### Problem requirements
Wherever a line of the records contains "defLS", copy that line.

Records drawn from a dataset
>>>>>

(* Let $S=\{f_1,\dots,f_n\}$ be a set of polynomials in $\mathbb{Q}[\alpha_1,\dots,\alpha_r]$ and let $\sigma$ be a permutation of $\{\alpha_1,\dots,\alpha_r\}$. If $S$ is reducible with respect to $\sigma$, then every subset $L\subseteq S$ is reducible with respect to $\sigma$.
   Context: ''Irreducible factors'' are taken over $\mathbb{Q}$ and polynomials differing by a nonzero constant are identified. A compatibility graph for a finite set $S$ of polynomials is a graph with vertex set $S$. Reduction step: given $(S,C)$ with $S=\{f_1,\dots,f_n\}$ and a variable $\alpha$, the step is undefined if some $f_i$ has degree $>1$ in $\alpha$; otherwise write $f_i=g_i\alpha+h_i$ with $g_i=\partial f_i/\partial\alpha$, $h_i=f_i|_{\alpha=0}$, let $S^4=\{g_i\}\cup\{h_i\}\cup\{g_ih_j-h_ig_j: i\neq j,\ f_if_j\in E(C)\}$ and let $S_{(\alpha)}$ be the set of irreducible factors of members of $S^4$. Its compatibility graph $C_{(\alpha)}$: attach to each $m\in S_{(\alpha)}$ the labels $\{0,i\}$ whenever $m\mid g_i$; $\{i,\infty\}$ whenever $m\mid h_i$, and also $\{0,i\}$ if $h_i=f_i$; $\{i,j\}$ whenever $m\mid g_ih_j-h_ig_j$ with $f_i,f_j$ compatible; $m,m'$ are adjacent iff some label of $m$ meets some label of $m'$. Let $S_{[\sigma(1)]}=S_{(\sigma(1))}$ computed from $(S,\text{complete graph})$, and for $k\ge 2$ let $S_{[\sigma(1),\dots,\sigma(k)]}=\bigcap_{i} S_{[\sigma(1),\dots,\widehat{\sigma(i)},\dots,\sigma(k)](\sigma(i))}$, the intersection over those $i\le k$ for which the step is defined (undefined if there are none), with compatibility graph whose edge set is the intersection of the corresponding edge sets. $S$ is reducible with respect to $\sigma$ if for all $1\le i\le r-1$ the set $S_{[\sigma(1),\dots,\sigma(i)]}$ is defined and all its members have degree $\le 1$ in $\sigma(i+1)$. *)

From HB Require Import structures.
From mathcomp Require Import all_boot all_order all_algebra.
From mathcomp Require Import fingroup perm.
From mathcomp Require Import mpoly.
Set Implicit Arguments. Unset Strict Implicit. Unset Printing Implicit Defensive.
Import Order.TTheory GRing.Theory.
Local Open Scope ring_scope.

Section Reduction.
Variable r : nat.
Local Notation P := {mpoly rat[r]}.

(* A "set of polynomials" (identified up to nonzero constants) is encoded as
   a predicate closed under multiplication by nonzero rationals; a
   compatibility graph as a binary relation on polynomials (edge relation). *)
Definition pset := P -> Prop.
Definition pgraph := P -> P -> Prop.

Definition assoc (p q : P) : Prop := exists2 c : rat, c != 0 & p = c *: q.

Definition pdvd (m p : P) : Prop := exists q : P, p = m * q.

Definition mirreducible (p : P) : Prop :=
  [/\ p != 0, p \isn't a GRing.unit &
      forall a b : P, p = a * b -> a \is a GRing.unit \/ b \is a GRing.unit].

Definition degv (i : 'I_r) (p : P) : nat := (\max_(m <- msupp p) m i)%N.

Definition setOf (s : seq P) : pset := fun f => exists2 f0, f0 \in s & assoc f f0.

Definition complete (S : pset) : pgraph :=
  fun f f' => [/\ S f, S f' & ~ assoc f f'].

Definition gpart (a : 'I_r) (f : P) : P := mderiv a f.
Definition hpart (a : 'I_r) (f : P) : P :=
  f \mPo [tuple (if j == a then 0 else 'X_j) | j < r].

Definition step_defined (S : pset) (a : 'I_r) : Prop :=
  forall f, S f -> (degv a f <= 1)%N.

Definition S4 (S : pset) (C : pgraph) (a : 'I_r) : pset := fun p =>
  (exists2 f, S f & p = gpart a f) \/
  (exists2 f, S f & p = hpart a f) \/
  (exists f f', [/\ S f, S f', C f f' &
      p = gpart a f * hpart a f' - hpart a f * gpart a f']).

Definition stepS (S : pset) (C : pgraph) (a : 'I_r) : pset := fun m =>
  mirreducible m /\ exists p, [/\ S4 S C a p, p != 0 & pdvd m p].

(* label entries: 0, an index i (represented by f_i), infinity *)
Inductive lab := L0 | LIdx of P | LInf.

Definition labeq (x y : lab) : Prop :=
  match x, y with
  | L0, L0 => True
  | LInf, LInf => True
  | LIdx f, LIdx f' => assoc f f'
  | _, _ => False
  end.

Definition haslabel (S : pset) (C : pgraph) (a : 'I_r) (m : P) (x y : lab) : Prop :=
  (exists2 f, S f & [/\ x = L0, y = LIdx f & pdvd m (gpart a f)]) \/
  (exists2 f, S f & [/\ x = LIdx f, y = LInf & pdvd m (hpart a f)]) \/
  (exists2 f, S f & [/\ hpart a f = f, x = L0, y = LIdx f & pdvd m (hpart a f)]) \/
  (exists f f', [/\ S f /\ S f', C f f', x = LIdx f, y = LIdx f' &
      pdvd m (gpart a f * hpart a f' - hpart a f * gpart a f')]).

Definition meet (x y x' y' : lab) : Prop :=
  labeq x x' \/ labeq x y' \/ labeq y x' \/ labeq y y'.

Definition stepC (S : pset) (C : pgraph) (a : 'I_r) : pgraph := fun m m' =>
  [/\ stepS S C a m, stepS S C a m', ~ assoc m m' &
      exists x y x' y', [/\ haslabel S C a m x y, haslabel S C a m' x' y'
                          & meet x y x' y']].

(* S_[l] for a list l of variables: returns (defined?, set, graph).
   The fuel k is the length of l; k = 0 gives (S, complete graph), so that
   the uniform formula at k = 1 gives S_[v] = S_(v) computed from
   (S, complete graph). *)
Fixpoint red (S : pset) (k : nat) (l : seq 'I_r) : Prop * pset * pgraph :=
  match k with
  | 0 => (True, S, complete S)
  | k'.+1 =>
    (* the index i of the paper corresponds to a decomposition
       l = l1 ++ v :: l2, with v = sigma(i) and l1 ++ l2 the list with
       sigma(i) removed *)
    let ok l1 v l2 := [/\ l = l1 ++ v :: l2, (red S k' (l1 ++ l2)).1.1 &
                          step_defined (red S k' (l1 ++ l2)).1.2 v] in
    (exists l1 v l2, ok l1 v l2,
     fun m => forall l1 v l2, ok l1 v l2 ->
        stepS (red S k' (l1 ++ l2)).1.2 (red S k' (l1 ++ l2)).2 v m,
     fun m m' => forall l1 v l2, ok l1 v l2 ->
        stepC (red S k' (l1 ++ l2)).1.2 (red S k' (l1 ++ l2)).2 v m m')
  end.

Definition Sbr (S : pset) (l : seq 'I_r) := red S (size l) l.

(* S is reducible w.r.t. sigma: for 1 <= i <= r-1, S_[sigma(1..i)] is defined
   and all its members have degree <= 1 in sigma(i+1).  With 0-based
   ordinals j = i ranges over 1..r-1, the first i variables are
   take j [seq sigma k | k <- enum 'I_r] and sigma(i+1) is sigma j. *)
Definition reducible (S : pset) (sigma : {perm 'I_r}) : Prop :=
  forall j : 'I_r, (0 < j)%N ->
    let l := take j [seq sigma k | k <- enum 'I_r] in
    (Sbr S l).1.1 /\ forall m, (Sbr S l).1.2 m -> (degv (sigma j) m <= 1)%N.

End Reduction.

From HB Require Import structures.
From mathcomp Require Import all_boot all_order all_algebra.
From mathcomp Require Import fingroup perm.
From mathcomp Require Import mpoly.

(* Every construction of the reduction is monotone: shrinking the input set
   and graph shrinks S^4, the irreducible factors, the labels and hence the
   compatibility graph, and it can only make more reduction steps defined.
   For S_[l] the index set of the intersection is therefore larger for L than
   for S, while each intersected set is smaller, so by induction on the length
   of l every S_[l] computed from L is defined whenever the one computed from S
   is, and is contained in it; the degree bounds then transfer. *)

Set Implicit Arguments.
Unset Strict Implicit.

Section Monotonicity.
Variable r : nat.
Implicit Types (S L : pset r) (C D : pgraph r) (a : 'I_r).

Definition subpset S L := forall f, S f -> L f.
Definition subpgraph C D := forall f f', C f f' -> D f f'.

Lemma complete_sub S L : subpset L S -> subpgraph (complete L) (complete S).
Proof. by move=> sLS f f' [Lf Lf' nfg]; split; auto. Qed.

Lemma step_defined_sub S L a : subpset L S -> step_defined S a -> step_defined L a.
Proof. by move=> sLS Sa f /sLS /Sa. Qed.

Section Step.
Variables (S L : pset r) (C D : pgraph r) (a : 'I_r).
Hypotheses (sLS : subpset L S) (sDC : subpgraph D C).

Lemma S4_sub : subpset (S4 L D a) (S4 S C a).
Proof.
move=> p [[f Lf ->]|[[f Lf ->]|[f [f' [Lf Lf' Dff' ->]]]]].
- by left; exists f; auto.
- by right; left; exists f; auto.
- by right; right; exists f, f'; split; auto.
Qed.

Lemma stepS_sub : subpset (stepS L D a) (stepS S C a).
Proof.
move=> m [irr_m [p [S4p p_neq0 m_dvd_p]]].
by split=> //; exists p; split=> //; apply: S4_sub.
Qed.

Lemma haslabel_sub m x y : haslabel L D a m x y -> haslabel S C a m x y.
Proof.
move=> [[f Lf H]|[[f Lf H]|[[f Lf H]|[f [f' [[Lf Lf'] Dff' Hx Hy Hdvd]]]]]].
- by left; exists f; auto.
- by right; left; exists f; auto.
- by right; right; left; exists f; auto.
- by right; right; right; exists f, f'; split; auto.
Qed.

Lemma stepC_sub : subpgraph (stepC L D a) (stepC S C a).
Proof.
move=> m m' [Sm Sm' nmm' [x [y [x' [y' [lab_m lab_m' meet_xy]]]]]].
split; [exact: stepS_sub | exact: stepS_sub | by [] |].
by exists x, y, x', y'; split=> //; apply: haslabel_sub.
Qed.

End Step.

Lemma red_sub S L k l : subpset L S ->
  [/\ (red S k l).1.1 -> (red L k l).1.1,
      subpset (red L k l).1.2 (red S k l).1.2 &
      subpgraph (red L k l).2 (red S k l).2].
Proof.
move=> sLS; elim: k l => [|k IHk] l /=; first by split=> //; apply: complete_sub.
pose ok T l1 v l2 := [/\ l = l1 ++ v :: l2, (red T k (l1 ++ l2)).1.1
                       & step_defined (red T k (l1 ++ l2)).1.2 v].
have okLS l1 v l2 : ok S l1 v l2 -> ok L l1 v l2.
  case: (IHk (l1 ++ l2)) => defLS redLS _ [l_eq defS stepS_def].
  by split; [| exact: defLS | exact: step_defined_sub redLS stepS_def].
split.
- by move=> [l1 [v [l2 okS]]]; exists l1, v, l2; apply: okLS.
- move=> m Lm l1 v l2 okS; case: (IHk (l1 ++ l2)) => _ redLS graphLS.
  exact: stepS_sub redLS graphLS _ (Lm _ _ _ (okLS _ _ _ okS)).
- move=> m m' Lmm' l1 v l2 okS; case: (IHk (l1 ++ l2)) => _ redLS graphLS.
  exact: stepC_sub redLS graphLS _ _ (Lmm' _ _ _ (okLS _ _ _ okS)).
Qed.

Lemma reducible_sub S L (sigma : {perm 'I_r}) :
  subpset L S -> reducible S sigma -> reducible L sigma.
Proof.
move=> sLS redS j j_gt0; case: (redS j j_gt0) => defS degS.
case: (red_sub (size (take j [seq sigma k | k <- enum 'I_r]))
               (take j [seq sigma k | k <- enum 'I_r]) sLS) => defLS redLS _.
by split=> [|m /redLS /degS]; first exact: defLS.
Qed.

End Monotonicity.

Theorem mainTheorem4 (r : nat) (S L : seq {mpoly rat[r]}) (sigma : {perm 'I_r}) :
  (forall f, setOf L f -> setOf S f) ->
  reducible (setOf S) sigma ->
  reducible (setOf L) sigma.
Proof. exact: reducible_sub. Qed.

<<<<<

### Task result
  case: (IHk (l1 ++ l2)) => defLS redLS _ [l_eq defS stepS_def].
  by split; [| exact: defLS | exact: step_defined_sub redLS stepS_def].
               (take j [seq sigma k | k <- enum 'I_r]) sLS) => defLS redLS _.
by split=> [|m /redLS /degS]; first exact: defLS.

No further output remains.